··· Information supplied
From HB Require Import structures.
From mathcomp Require Import all_boot all_order all_algebra.
From mathcomp Require Import ring lra.
From Stdlib Require Import ClassicalEpsilon.
Set Implicit Arguments. Unset Strict Implicit. Unset Printing Implicit Defensive.
Import Order.TTheory GRing.Theory Num.Theory.
Local Open Scope ring_scope.

(* Write S = R + B^T P B, K' = S^-1 B^T P, Ke = K' A, L = A - B Ke and
   h x = 1/2 (x - beta)^T P (x - beta).  The proof is algebraic at its core:
   - completing the square in u, u^T R u + |z + B u|_P^2 = |z|_Me^2 + |u + K' z|_S^2,
     together with the DARE in the form P = Q + A^T Me A, yields the Lyapunov
     identity P = Q + Ke^T R Ke + L^T P L (so I - L^T is invertible as Q > 0) and,
     through the fixed point alpha = Q theta + L^T alpha, the tracking identity
     |x - theta|_Q^2 + |A x - beta|_Me^2 = |x - beta|_P^2 + |A theta - beta|_He^2;
   - adding both gives the Bellman identity
     stage x u + h (A x + B u) = h x + lambda + 1/2 |u - (-Ke x + K' beta)|_S^2,
     which is part (ii);
   - along the closed loop the Bellman identity telescopes to cost <= N lambda + h x0;
     for an arbitrary control the Bellman inequality, telescoped with weights
     (1 - eps)^t where the stage cost dominates eps h - c, gives cost >= N lambda - K;
   - finite-horizon minima exist by dynamic programming on convex quadratic value
     functions; dividing both bounds by N gives parts (i) and (iii). *)

Section QuadraticForms.
Variable R : archiRcfType.

Definition bf (p q : nat) (M : 'M[R]_(p, q)) (x : 'cV[R]_p) (y : 'cV[R]_q) : R :=
  (x^T *m M *m y) 0 0.

Lemma qfE n (M : 'M[R]_n) x : qf M x = bf M x x. Proof. by []. Qed.

Lemma bfDl p q (M : 'M[R]_(p, q)) x1 x2 y : bf M (x1 + x2) y = bf M x1 y + bf M x2 y.
Proof. by rewrite /bf linearD /= !mulmxDl mxE. Qed.

Lemma bfDr p q (M : 'M[R]_(p, q)) x y1 y2 : bf M x (y1 + y2) = bf M x y1 + bf M x y2.
Proof. by rewrite /bf mulmxDr mxE. Qed.

Lemma bfNl p q (M : 'M[R]_(p, q)) x y : bf M (- x) y = - bf M x y.
Proof. by rewrite /bf linearN /= !mulNmx mxE. Qed.

Lemma bfNr p q (M : 'M[R]_(p, q)) x y : bf M x (- y) = - bf M x y.
Proof. by rewrite /bf mulmxN mxE. Qed.

Lemma bfZl p q (M : 'M[R]_(p, q)) a x y : bf M (a *: x) y = a * bf M x y.
Proof. by rewrite /bf linearZ /= -!scalemxAl mxE. Qed.

Lemma bfZr p q (M : 'M[R]_(p, q)) a x y : bf M x (a *: y) = a * bf M x y.
Proof. by rewrite /bf -scalemxAr mxE. Qed.

Lemma bf0l p q (M : 'M[R]_(p, q)) y : bf M 0 y = 0.
Proof. by rewrite /bf trmx0 !mul0mx mxE. Qed.

Lemma bf0m p q (x : 'cV[R]_p) (y : 'cV[R]_q) : bf (0 : 'M_(p, q)) x y = 0.
Proof. by rewrite /bf mulmx0 mul0mx mxE. Qed.

Lemma bfDm p q (M N : 'M[R]_(p, q)) x y : bf (M + N) x y = bf M x y + bf N x y.
Proof. by rewrite /bf mulmxDr mulmxDl mxE. Qed.

Lemma bfBm p q (M N : 'M[R]_(p, q)) x y : bf (M - N) x y = bf M x y - bf N x y.
Proof. by rewrite /bf mulmxBr mulmxBl !mxE. Qed.

Lemma bfMr p q k (M : 'M[R]_(p, q)) (C : 'M[R]_(q, k)) x (y : 'cV[R]_k) :
  bf M x (C *m y) = bf (M *m C) x y.
Proof. by rewrite /bf !mulmxA. Qed.

Lemma bfMl p q k (M : 'M[R]_(p, q)) (C : 'M[R]_(p, k)) (x : 'cV[R]_k) y :
  bf M (C *m x) y = bf (C^T *m M) x y.
Proof. by rewrite /bf trmx_mul !mulmxA. Qed.

Lemma bf_tr p q (M : 'M[R]_(p, q)) x y : bf M x y = bf M^T y x.
Proof.
rewrite /bf; transitivity ((x^T *m M *m y)^T 0 0); first by rewrite [RHS]mxE.
by rewrite !trmx_mul trmxK mulmxA.
Qed.

Lemma bf_dot p q (M : 'M[R]_(p, q)) x y : bf M x y = bf 1%:M x (M *m y).
Proof. by rewrite bfMr mul1mx. Qed.

Lemma bf_dotC p (a b : 'cV[R]_p) : bf 1%:M a b = bf 1%:M b a.
Proof. by rewrite bf_tr trmx1. Qed.

Lemma bf_sym n (M : 'M[R]_n) x y : M^T = M -> bf M x y = bf M y x.
Proof. by move=> sM; rewrite bf_tr sM. Qed.

Lemma qfD n (M : 'M[R]_n) x y : M^T = M ->
  qf M (x + y) = qf M x + 2 * bf M x y + qf M y.
Proof. by move=> sM; rewrite !qfE bfDl !bfDr (bf_sym y x sM); ring. Qed.

Lemma qfN n (M : 'M[R]_n) x : qf M (- x) = qf M x.
Proof. by rewrite !qfE bfNl bfNr opprK. Qed.

Lemma qfZ n (M : 'M[R]_n) a x : qf M (a *: x) = a ^+ 2 * qf M x.
Proof. by rewrite !qfE bfZl bfZr; ring. Qed.

Lemma qfM n k (M : 'M[R]_n) (C : 'M[R]_(n, k)) x : qf M (C *m x) = qf (C^T *m M *m C) x.
Proof. by rewrite !qfE bfMl bfMr. Qed.

Lemma qf0 n (M : 'M[R]_n) : qf M 0 = 0.
Proof. by rewrite qfE bf0l. Qed.

Definition psd n (M : 'M[R]_n) : Prop := forall x, 0 <= qf M x.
······
What to work on>
The output should be exactly the lines above from the line containing "From mathcomp Require Import ring lra." to the line containing "- adding both gives the Bellman identity", inclusive, with no other lines.

Result>
From mathcomp Require Import ring lra.
From Stdlib Require Import ClassicalEpsilon.
Set Implicit Arguments. Unset Strict Implicit. Unset Printing Implicit Defensive.
Import Order.TTheory GRing.Theory Num.Theory.
Local Open Scope ring_scope.

(* Write S = R + B^T P B, K' = S^-1 B^T P, Ke = K' A, L = A - B Ke and
   h x = 1/2 (x - beta)^T P (x - beta).  The proof is algebraic at its core:
   - completing the square in u, u^T R u + |z + B u|_P^2 = |z|_Me^2 + |u + K' z|_S^2,
     together with the DARE in the form P = Q + A^T Me A, yields the Lyapunov
     identity P = Q + Ke^T R Ke + L^T P L (so I - L^T is invertible as Q > 0) and,
     through the fixed point alpha = Q theta + L^T alpha, the tracking identity
     |x - theta|_Q^2 + |A x - beta|_Me^2 = |x - beta|_P^2 + |A theta - beta|_He^2;
   - adding both gives the Bellman identity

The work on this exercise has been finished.